Stored data:
(* letter j of the word w left-padded with # (= None) to length M *)
Definition pad_letter (M : nat) (w : seq Sigma) (j : nat) : option Sigma :=
  if j < M - size w then None else nth None (map Some w) (j - (M - size w)).

Definition rep_tuple (d : nat) (t : d.-tuple nat) : seq {ffun 'I_d -> option Sigma} :=
  let M := \max_(i < d) size (@ans_rep Sigma S (tnth t i)) in
  [seq [ffun i => pad_letter M (@ans_rep Sigma S (tnth t i)) j] | j <- iota 0 M].

Definition recognizable (d : nat) (Z : d.-tuple nat -> Prop) : Prop :=
  regular (fun w => exists t, Z t /\ w = rep_tuple t).
End Padding.

Definition sum_le (y : nat -> nat) (k : nat) : Prop :=
  exists N, (forall i, N <= i -> y i = 0) /\ \sum_(i < N) y i <= k.

Definition is_nu (y : nat -> nat) (d : nat) (t : d.-tuple nat) : Prop :=
  sorted leq t /\ forall j, y j = count_mem j t.

Definition weakly_codable (Sigma : finType) (S : ANS Sigma)
    (Y : (nat -> nat) -> Prop) : Prop :=
  forall k i, recognizable S (fun t : i.-tuple nat =>
    exists y, Y y /\ sum_le y k /\ is_nu y t).

Definition supp_below (y : nat -> nat) (N : nat) : Prop :=
  forall i, N <= i -> y i = 0.

(* s(y) and e(y), computed with a support bound N (independent of N) *)
Definition s_of (y : nat -> nat) (N : nat) : seq nat :=
  [seq i <- iota 0 N | y i != 0].
Definition e_of (y : nat -> nat) (N : nat) : seq nat :=
  [seq y i | i <- iota 0 N & y i != 0].

(* P_v(Y) = s(Q_v(Y)) subset of N^|v|, Q_v(Y) = {y in Y | e(y) = v} *)
Definition P_v (v : seq nat) (Y : (nat -> nat) -> Prop) : (size v).-tuple nat -> Prop :=
  fun t => exists y N, Y y /\ supp_below y N /\ e_of y N = v /\ s_of y N = val t.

### [Task directions]
Write out every record above, word for word.

### [Finished task]
(* letter j of the word w left-padded with # (= None) to length M *)
Definition pad_letter (M : nat) (w : seq Sigma) (j : nat) : option Sigma :=
  if j < M - size w then None else nth None (map Some w) (j - (M - size w)).

Definition rep_tuple (d : nat) (t : d.-tuple nat) : seq {ffun 'I_d -> option Sigma} :=
  let M := \max_(i < d) size (@ans_rep Sigma S (tnth t i)) in
  [seq [ffun i => pad_letter M (@ans_rep Sigma S (tnth t i)) j] | j <- iota 0 M].

Definition recognizable (d : nat) (Z : d.-tuple nat -> Prop) : Prop :=
  regular (fun w => exists t, Z t /\ w = rep_tuple t).
End Padding.

Definition sum_le (y : nat -> nat) (k : nat) : Prop :=
  exists N, (forall i, N <= i -> y i = 0) /\ \sum_(i < N) y i <= k.

Definition is_nu (y : nat -> nat) (d : nat) (t : d.-tuple nat) : Prop :=
  sorted leq t /\ forall j, y j = count_mem j t.

Definition weakly_codable (Sigma : finType) (S : ANS Sigma)
    (Y : (nat -> nat) -> Prop) : Prop :=
  forall k i, recognizable S (fun t : i.-tuple nat =>
    exists y, Y y /\ sum_le y k /\ is_nu y t).

Definition supp_below (y : nat -> nat) (N : nat) : Prop :=
  forall i, N <= i -> y i = 0.

(* s(y) and e(y), computed with a support bound N (independent of N) *)
Definition s_of (y : nat -> nat) (N : nat) : seq nat :=
  [seq i <- iota 0 N | y i != 0].
Definition e_of (y : nat -> nat) (N : nat) : seq nat :=
  [seq y i | i <- iota 0 N & y i != 0].

(* P_v(Y) = s(Q_v(Y)) subset of N^|v|, Q_v(Y) = {y in Y | e(y) = v} *)
Definition P_v (v : seq nat) (Y : (nat -> nat) -> Prop) : (size v).-tuple nat -> Prop :=
  fun t => exists y N, Y y /\ supp_below y N /\ e_of y N = v /\ s_of y N = val t.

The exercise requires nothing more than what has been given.